A Metra commuter train sits off the tracks after derailing Saturday in Chicago. 
 (Associated Press / The Spokesman-Review)
A Metra commuter train sits off the tracks after derailing Saturday in Chicago. (Associated Press / The Spokesman-Review)
Mike Collas Associated Press

CHICAGO – A commuter train was going almost 60 mph above the speed limit just before it derailed, killing two people and injuring dozens of others, the acting chairman of the National Transportation Safety Board said Sunday.

Mark Rosenker said the Metra train was traveling at 69 mph and should not have been going faster than 10 mph when it switched tracks at a crossover just before jumping the tracks Saturday.

The speed information came from a preliminary reading of one of the train’s three electronic data recorders, Rosenker said.

Investigators conducted a three-hour interview Sunday with the train’s engineer. The 41-year-old man had been on the job for 45 days after completing Metra’s six-month training, which included at least some training along the route where the derailment occurred. He also had worked for more than five years as a CSX Corp. freight train engineer.

The double-decker commuter train was headed into Chicago from Joliet on Saturday morning with 185 passengers and four crew members when its locomotive and five rail cars jumped the tracks about 5 miles south of downtown.

The train began to derail as it switched tracks, striking a steel bridge just beyond the crossover. Rosenker said that collision damaged at least one rail car and likely contributed to at least one of the fatalities.

Transportation officials also determined Sunday that train signals were working, meaning the engineer should have known he was approaching a crossover and should have had time to slow the train upon seeing the signals, even if he was traveling 69 mph, Rosenker said.

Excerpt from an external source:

(* Let $\mathbb{E}$ be a finitely complete category endowed with a point-congruous class $\Sigma$ of split epimorphisms, and suppose $\mathbb{E}$ is $\Sigma$-protomodular. Then for every object $Z$, the full subcategory $\Sigma l_Z(\mathbb{E})$ of the slice $\mathbb{E}/Z$ whose objects are the $\Sigma$-special morphisms with codomain $Z$ is a protomodular category. In particular the full subcategory of $\mathbb{E}$ of $\Sigma$-special objects (the case $Z=1$) is protomodular.
   Context: A split epimorphism is a pair $(f,s)$ with $fs=1$. A class $\Sigma$ of split epimorphisms is fibrational if it contains all split epimorphisms $(f,s)$ with $f$ invertible and is stable under pullback along any morphism; it is point-congruous if moreover the full subcategory $\Sigma(\mathbb{E})$ of the category $\mathrm{Pt}(\mathbb{E})$ of split epimorphisms (with commuting squares as morphisms) is closed under finite limits in $\mathrm{Pt}(\mathbb{E})$. A pair of morphisms with common codomain $W$ is jointly extremally epic if it factors jointly through no non-invertible monomorphism into $W$. A split epimorphism $(f,s)\colon X\rightleftarrows Y$ is strongly split when for every morphism $y\colon\bar Y\to Y$, with $x\colon\bar Y\times_YX\to X$ the pullback projection, the pair $(x,s)$ is jointly extremally epic; $\mathbb{E}$ is $\Sigma$-protomodular when every split epimorphism in $\Sigma$ is strongly split. A $\Sigma$-relation is a reflexive relation $(d_0,d_1)\colon S\rightarrowtail X\times X$ with reflexivity $s_0$ such that $(d_0,s_0)\in\Sigma$; a morphism $f$ is $\Sigma$-special when its kernel relation $R[f]$ is a $\Sigma$-relation, and an object is $\Sigma$-special when its morphism to the terminal object $1$ is. A category is protomodular when base-change functors along any morphism with respect to its fibration of points (pullback of split epimorphisms) are conservative, equivalently when every split epimorphism is strongly split. *)

From Stdlib Require Import ProofIrrelevance.

Set Implicit Arguments.
Unset Strict Implicit.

Extensive damage to the train’s undercarriage has prevented investigators from examining its brakes, but it appears the brakes engaged as the train was switching tracks. It was unclear if the engineer applied the brakes or if they engaged automatically, Rosenker said.

The train engineer, three crew members and dispatchers were all tested for drugs and alcohol, which is standard procedure, Pardonnet said.

The NTSB planned today to examine radio transmissions from a control tower and interview a dispatcher and trainee who were working in the tower at the time of the accident.

The train’s engineer is taking three days of paid leave for “trauma debriefing.” Pardonnet said no decisions have been made about his future employment.